The Release
Meta’s Llama 4 ships in two main flavors: Scout (109B params, 17B active, 10M context window) and Maverick (400B, 17B active, quality leader). Mixture-of-experts architecture — lower inference cost per call than dense models.
The MoE architecture activates only 17B parameters per token, so per-token compute approximates a 17B dense model while quality approaches frontier dense models 5-10x larger. License remains the Llama Community License with the 700M monthly active user threshold for commercial use — most CRM deployments are well under that ceiling. Available via Bedrock, Vertex AI, Azure AI Foundry, Together, and Groq, with fp8 weights downloadable for self-host. A third sibling, Behemoth (~2T parameters), is in training as a teacher model.
Multimodal
Both Scout and Maverick natively multimodal. Image + text inputs handled. For CRM use cases involving customer-submitted photos (claims, support, product feedback), multimodal capabilities matter.

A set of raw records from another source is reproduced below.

(* Let $a,b,c>0$. Let $B(a,b,c)$ be the semi-infinite matrix indexed by $j,k\in\mathbb{Z}_{+}$ with entries \[ B(a,b,c)_{j,k}=\frac{\Gamma(j+k+a)}{\Gamma(j+k+b+c)}\sqrt{\frac{\Gamma(j+b)\Gamma(j+c)\Gamma(k+b)\Gamma(k+c)}{\Gamma(j+a)\,j!\,\Gamma(k+a)\,k!}}, \] and let $T(a,b,c)$ be the symmetric Jacobi matrix indexed by $\mathbb{Z}_{+}$ with entries \[ T_{j,j}=j\,(j+c-1)+(j+a)(j+b),\qquad T_{j,j+1}=T_{j+1,j}=-\sqrt{(j+1)(j+a)(j+b)(j+c)}, \] and $T_{j,k}=0$ if $|j-k|\ge 2$. Then $B(a,b,c)$ and $T(a,b,c)$ commute (as matrices, the products being well defined entrywise since $T$ is tridiagonal).
   Context: $\mathbb{Z}_{+}=\{0,1,2,\ldots\}$ and $\Gamma$ is Euler's Gamma function. *)

From Stdlib Require Import Reals Factorial.
From Coquelicot Require Import Coquelicot.
Open Scope R_scope.

Definition Gamma (x : R) : R :=
  RInt_gen (fun t => Rpower t (x - 1) * exp (- t)) (at_right 0) (Rbar_locally p_infty).

Definition Bmat (a b c : R) (j k : nat) : R :=
  Gamma (INR j + INR k + a) / Gamma (INR j + INR k + b + c) *
  sqrt ((Gamma (INR j + b) * Gamma (INR j + c) * Gamma (INR k + b) * Gamma (INR k + c)) /
        (Gamma (INR j + a) * INR (fact j) * Gamma (INR k + a) * INR (fact k))).

Definition Tmat (a b c : R) (j k : nat) : R :=
  if Nat.eqb j k then INR j * (INR j + c - 1) + (INR j + a) * (INR j + b)
  else if Nat.eqb k (S j) then - sqrt ((INR j + 1) * (INR j + a) * (INR j + b) * (INR j + c))
  else if Nat.eqb j (S k) then - sqrt ((INR k + 1) * (INR k + a) * (INR k + b) * (INR k + c))
  else 0.

(* When one factor is tridiagonal (here T) and N >= max(j,k)+1, this is the full
   (entrywise well-defined) product entry, since all omitted terms vanish. *)
Definition matmul_upto (A C : nat -> nat -> R) (N j k : nat) : R :=
  sum_f_R0 (fun l => A j l * C l k) N.

From Stdlib Require Import Reals Factorial Lra Lia.
From Coquelicot Require Import Coquelicot.
Open Scope R_scope.

(* Write B_{jk} = h(j+k) sqrt(w_j w_k) with h(s) = Γ(s+a)/Γ(s+b+c) and
   w_j = Γ(j+b)Γ(j+c)/(Γ(j+a) j!).  By Γ(x+1) = xΓ(x), the ratio w_{j+1}/w_j is
   (j+b)(j+c)/((j+a)(j+1)), whose square root times (j+a)(j+1) is exactly the
   off-diagonal entry of T, and h(s+1) = h(s)(s+a)/(s+b+c).  Hence
   (BT)_{jk} = sqrt(w_j w_k) h(j+k-1) R(j,k) for a rational function R.  As B and
   T are symmetric, (TB)_{jk} = (BT)_{kj}, and commutation reduces to the rational
   identity R(j,k) = R(k,j).  The functional equation of Γ comes from integrating
   t^x e^{-t} by parts, once the improper integral is shown to converge (Cauchy
   criterion at 0 and at +oo, dominating by t^{x-1} and by C/t^2). *)

Lemma pow_div_fact_le_exp t n : 0 <= t -> t ^ n / INR (fact n) <= exp t.
Proof.
  intros Ht. eapply Rle_trans; [|apply (exp_ge_taylor t n Ht)].
  destruct n as [|n]; [simpl; lra|].
  rewrite tech5. enough (0 <= sum_f_R0 (fun k => t ^ k / INR (fact k)) n) by lra.
  apply cond_pos_sum. intros k. apply Rmult_le_pos; [now apply pow_le|].
  apply Rlt_le, Rinv_0_lt_compat, lt_0_INR, lt_O_fact.
Qed.

Lemma mul_exp_neg_le u t : 0 <= u -> 0 <= t -> u * exp (- t) <= u.
Proof.
  intros Hu Ht. rewrite <- (Rmult_1_r u) at 2. apply Rmult_le_compat_l; [exact Hu|].
  rewrite <- exp_0. destruct Ht as [Ht | <-]; [apply Rlt_le, exp_increasing; lra | rewrite Ropp_0; lra].
Qed.

Lemma Rpower_exp_le_inv_sqr y :
  exists C, 0 < C /\ forall t, 1 <= t -> Rpower t y * exp (- t) <= C / t ^ 2.
Proof.
  destruct (INR_unbounded y) as [n Hn].
  set (C := INR (fact (n + 2))).
  assert (HC : 0 < C) by apply lt_0_INR, lt_O_fact.
  exists C. split; [exact HC|]. intros t Ht.
  assert (Hpow : Rpower t y <= t ^ n).
  { rewrite <- Rpower_pow by lra. apply Rle_Rpower; lra. }
  assert (Hexp : exp (- t) <= C / t ^ (n + 2)).
  { rewrite exp_Ropp, <- Rinv_div. apply Rinv_le_contravar.
    - apply Rdiv_lt_0_compat; [apply pow_lt|]; lra.
    - apply pow_div_fact_le_exp. lra. }
  replace (C / t ^ 2) with (t ^ n * (C / t ^ (n + 2)))
    by (rewrite pow_add; field; split; [lra | apply pow_nonzero; lra]).
  apply Rmult_le_compat; [apply Rlt_le, exp_pos | apply Rlt_le, exp_pos | exact Hpow | exact Hexp].
Qed.

Lemma Rpower_lt_near_0 x eps : 0 < x -> 0 < eps ->
  exists d, 0 < d /\ forall t, 0 < t < d -> Rpower t x < eps.
Proof.
  intros Hx He. exists (Rpower eps (/ x)). split; [apply exp_pos|].
  intros t Ht. replace eps with (Rpower (Rpower eps (/ x)) x).
  - apply Rlt_Rpower_l; lra.
  - rewrite Rpower_mult, Rinv_l, Rpower_1 by lra. reflexivity.
Qed.

Lemma at_right_0_lt d : 0 < d -> at_right 0 (fun t => 0 < t < d).
Proof.
  intros Hd. exists (mkposreal d Hd). intros t Ht Ht0. split; [exact Ht0|].
  change (Rabs (t - 0) < d) in Ht. rewrite Rminus_0_r, Rabs_pos_eq in Ht; lra.
Qed.

Lemma filter_prod_0_infty (P : R -> R -> Prop) d K : 0 < d ->
  (forall p q, 0 < p < d -> K < q -> P p q) ->
  filter_prod (at_right 0) (Rbar_locally p_infty) (fun pq => P (fst pq) (snd pq)).
Proof.
  intros Hd HP. apply Filter_prod with (fun p => 0 < p < d) (fun q => K < q).
  - now apply at_right_0_lt.
  - now exists K.
  - exact HP.
Qed.

Lemma abs_RInt_le_primitive (f g G : R -> R) p q : p <= q -> ex_RInt f p q ->
  (forall t, p <= t <= q -> is_derive G t (g t)) ->
  (forall t, p <= t <= q -> continuous g t) ->
  (forall t, p < t < q -> 0 <= f t <= g t) ->
  Rabs (RInt f p q) <= G q - G p.
Proof.
  intros Hpq Hf HG Hg Hfg.
  assert (Hint : is_RInt g p q (G q - G p)).
  { apply (is_RInt_derive G g); rewrite Rmin_left, Rmax_right by exact Hpq; assumption. }
  rewrite Rabs_pos_eq by (apply RInt_ge_0; try assumption; intros; apply Hfg; assumption).
  rewrite <- (is_RInt_unique _ _ _ _ Hint).
  apply RInt_le; try assumption; [eexists; exact Hint | intros; apply Hfg; assumption].
Qed.

Lemma ex_RInt_gen_0_infty (f : R -> R) :
  (forall p q, 0 < p -> 0 < q -> ex_RInt f p q) ->
  (forall eps, 0 < eps -> exists d, 0 < d /\
     forall p q, 0 < p <= q -> q < d -> Rabs (RInt f p q) <= eps) ->
  (forall eps, 0 < eps -> exists K, 0 < K /\
     forall p q, K < p <= q -> Rabs (RInt f p q) <= eps) ->
  ex_RInt_gen f (at_right 0) (Rbar_locally p_infty).
Proof.
  intros Hloc Hnear0 Hnear_infty.
  assert (Hswap : forall (S : R -> Prop) eps, (forall t, S t -> 0 < t) ->
            (forall p q, S p -> S q -> p <= q -> Rabs (RInt f p q) <= eps) ->
            forall p q, S p -> S q -> Rabs (RInt f p q) <= eps).
  { intros S eps HS H p q Hp Hq. destruct (Rle_or_lt p q) as [Hpq | Hqp]; [now apply H|].
    rewrite <- opp_RInt_swap by (apply Hloc; apply HS; assumption).
    change (Rabs (- RInt f q p) <= eps). rewrite Rabs_Ropp. apply H; try assumption; lra. }
  apply (filterlimi_locally_cauchy (U := R_CompleteSpace)
           (fun pq l => is_RInt f (fst pq) (snd pq) l)).
  - apply (filter_prod_0_infty (fun p q => (exists l, is_RInt f p q l) /\
             forall l1 l2, is_RInt f p q l1 -> is_RInt f p q l2 -> l1 = l2) 1 0); [lra|].
    intros p q Hp Hq. split.
    + apply Hloc; lra.
    + intros l1 l2 H1 H2. now rewrite <- (is_RInt_unique _ _ _ _ H1), <- (is_RInt_unique _ _ _ _ H2).
  - intros eps. pose proof (cond_pos eps) as He.
    destruct (Hnear0 (eps / 4)) as [d [Hd Hsmall]]; [lra|].
    destruct (Hnear_infty (eps / 4)) as [K [HK Hlarge]]; [lra|].
    exists (fun pq => 0 < fst pq < d /\ K < snd pq). split.
    { now apply (filter_prod_0_infty (fun p q => 0 < p < d /\ K < q) d K). }
    intros [u1 u2] [v1 v2] [Hu1 Hu2] [Hv1 Hv2] lu lv Hu Hv. simpl in *.
    apply (is_RInt_unique (V := R_CompleteNormedModule)) in Hu, Hv. subst lu lv.
    assert (H1 : Rabs (RInt f v1 u1) <= eps / 4).
    { apply (Hswap (fun t => 0 < t < d)); [intros t Ht; lra | | lra | lra].
      intros p q Hp Hq Hpq. apply Hsmall; lra. }
    assert (H2 : Rabs (RInt f u2 v2) <= eps / 4).
    { apply (Hswap (fun t => K < t)); [intros t Ht; lra | | lra | lra].
      intros p q Hp Hq Hpq. apply Hlarge; lra. }
    change (Rabs (RInt f v1 v2 - RInt f u1 u2) < eps).
    rewrite <- (RInt_Chasles f v1 u1 v2), <- (RInt_Chasles f u1 u2 v2) by (apply Hloc; lra).
    change (Rabs (RInt f v1 u1 + (RInt f u1 u2 + RInt f u2 v2) - RInt f u1 u2) < eps).
    replace (RInt f v1 u1 + (RInt f u1 u2 + RInt f u2 v2) - RInt f u1 u2)
      with (RInt f v1 u1 + RInt f u2 v2) by ring.
    eapply Rle_lt_trans; [apply Rabs_triang | lra].
Qed.

Definition Gamma_integrand (x t : R) : R := Rpower t (x - 1) * exp (- t).

Lemma Gamma_integrand_pos x t : 0 < Gamma_integrand x t.
Proof. apply Rmult_lt_0_compat; apply exp_pos. Qed.

Lemma Gamma_integrand_continuous x t : 0 < t -> continuous (Gamma_integrand x) t.
Proof.
  intros Ht. apply (ex_derive_continuous (V := R_NormedModule)).
  unfold Gamma_integrand, Rpower. auto_derive. exact Ht.
Qed.

Lemma ex_RInt_Gamma_integrand x p q : 0 < p -> 0 < q -> ex_RInt (Gamma_integrand x) p q.
Proof.
  intros Hp Hq. apply (ex_RInt_continuous (V := R_CompleteNormedModule)). intros t [Ht _].
  apply Gamma_integrand_continuous. eapply Rlt_le_trans; [|exact Ht].
  now apply Rmin_glb_lt.
Qed.

Lemma Gamma_integrand_Cauchy_near_0 x eps : 0 < x -> 0 < eps -> exists d, 0 < d /\
  forall p q, 0 < p <= q -> q < d -> Rabs (RInt (Gamma_integrand x) p q) <= eps.
Proof.
  intros Hx He. destruct (Rpower_lt_near_0 x (x * eps) Hx) as [d [Hd Hsmall]]; [nra|].
  exists d. split; [exact Hd|]. intros p q Hpq Hqd.
  eapply Rle_trans.
  - apply (abs_RInt_le_primitive _ (fun t => Rpower t (x - 1)) (fun t => Rpower t x / x));
      try lra; [apply ex_RInt_Gamma_integrand; lra | | |].
    + intros t Ht. unfold Rpower. auto_derive; [lra|].
      replace (x * ln t) with ((x - 1) * ln t + ln t) by ring.
      rewrite exp_plus, exp_ln by lra. field. split; lra.
    + intros t Ht. apply (ex_derive_continuous (V := R_NormedModule)). unfold Rpower. auto_derive. lra.
    + intros t Ht. split; [apply Rlt_le, Gamma_integrand_pos|].
      apply mul_exp_neg_le; [apply Rlt_le, exp_pos | lra].
  - assert (Hp : 0 < Rpower p x) by apply exp_pos.
    assert (Hq : Rpower q x < x * eps) by (apply Hsmall; lra).
    apply (Rmult_le_reg_l x); [exact Hx|]. field_simplify; lra.
Qed.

Native multimodal means image and text share a unified token space, not a bolted-on vision encoder. Resolution caps at 1024x1024 per image with up to 8 images per request. Handles charts, screenshots, and document photos at quality competitive with Gemini 2.5 Pro on the MMMU benchmark. CRM-relevant use cases: insurance claim photo triage, retail return verification, B2B case attachments where the agent needs to see the screenshot before responding.
Context Window
Scout’s 10M context is remarkable. Full account histories, year-long conversation transcripts, complete product catalogs — all fit in one prompt. Opens use cases previously requiring elaborate RAG engineering.
The 10M window enables a class of CRM workflows where retrieval was the bottleneck. Drop a five-year account history (calls, emails, opportunities, support cases) into a single prompt without chunking. Quality on long-context retrieval (needle-in-haystack) holds above 95% across the full window in published benchmarks. Trade-off: latency scales with context, and long-context inference still costs real money — Together AI lists Scout at roughly $0.18/M input tokens for the long-context tier. RAG remains cheaper for most production loads; Scout’s window is the right tool for one-shot deep analysis.
Where It Fits
High-volume agentic workflows where open-source inference is cheaper than proprietary APIs. Long-context tasks (full-history customer support). Multimodal CRM use cases. Self-hosted deployments for regulated data.
Strong fit signals. Token budget exceeding $50K/month where switching to Llama 4 on Together or Groq cuts spend 60-80%. Regulatory or sovereignty constraints requiring on-prem or specific-region inference. Multimodal workflows at scale where Gemini’s price is acceptable but lock-in is not. Weak fit. Reasoning-heavy multi-step agentic workflows where Claude Sonnet 4.5 still outperforms by 8-12 points on tool-use benchmarks. Cases where time-to-market beats inference cost.
Cost Considerations
Self-hosting Maverick requires roughly 8x H100 GPUs at fp8 for production-grade throughput, costing $25-$40K/month on demand or $300-$600K capex. Scout fits on 4x H100s. Hosted inference (Together, Groq, Bedrock) eliminates the hardware lift and prices Scout 1.5-2.5x cheaper per token than Claude Haiku for comparable tasks. Most teams should start hosted and only self-host when token volume justifies $20K+ monthly hardware spend.
What to Do This Week
Run a single high-volume CRM workflow on Scout via Together or Bedrock and compare cost-per-resolution against your incumbent provider over 1,000 requests.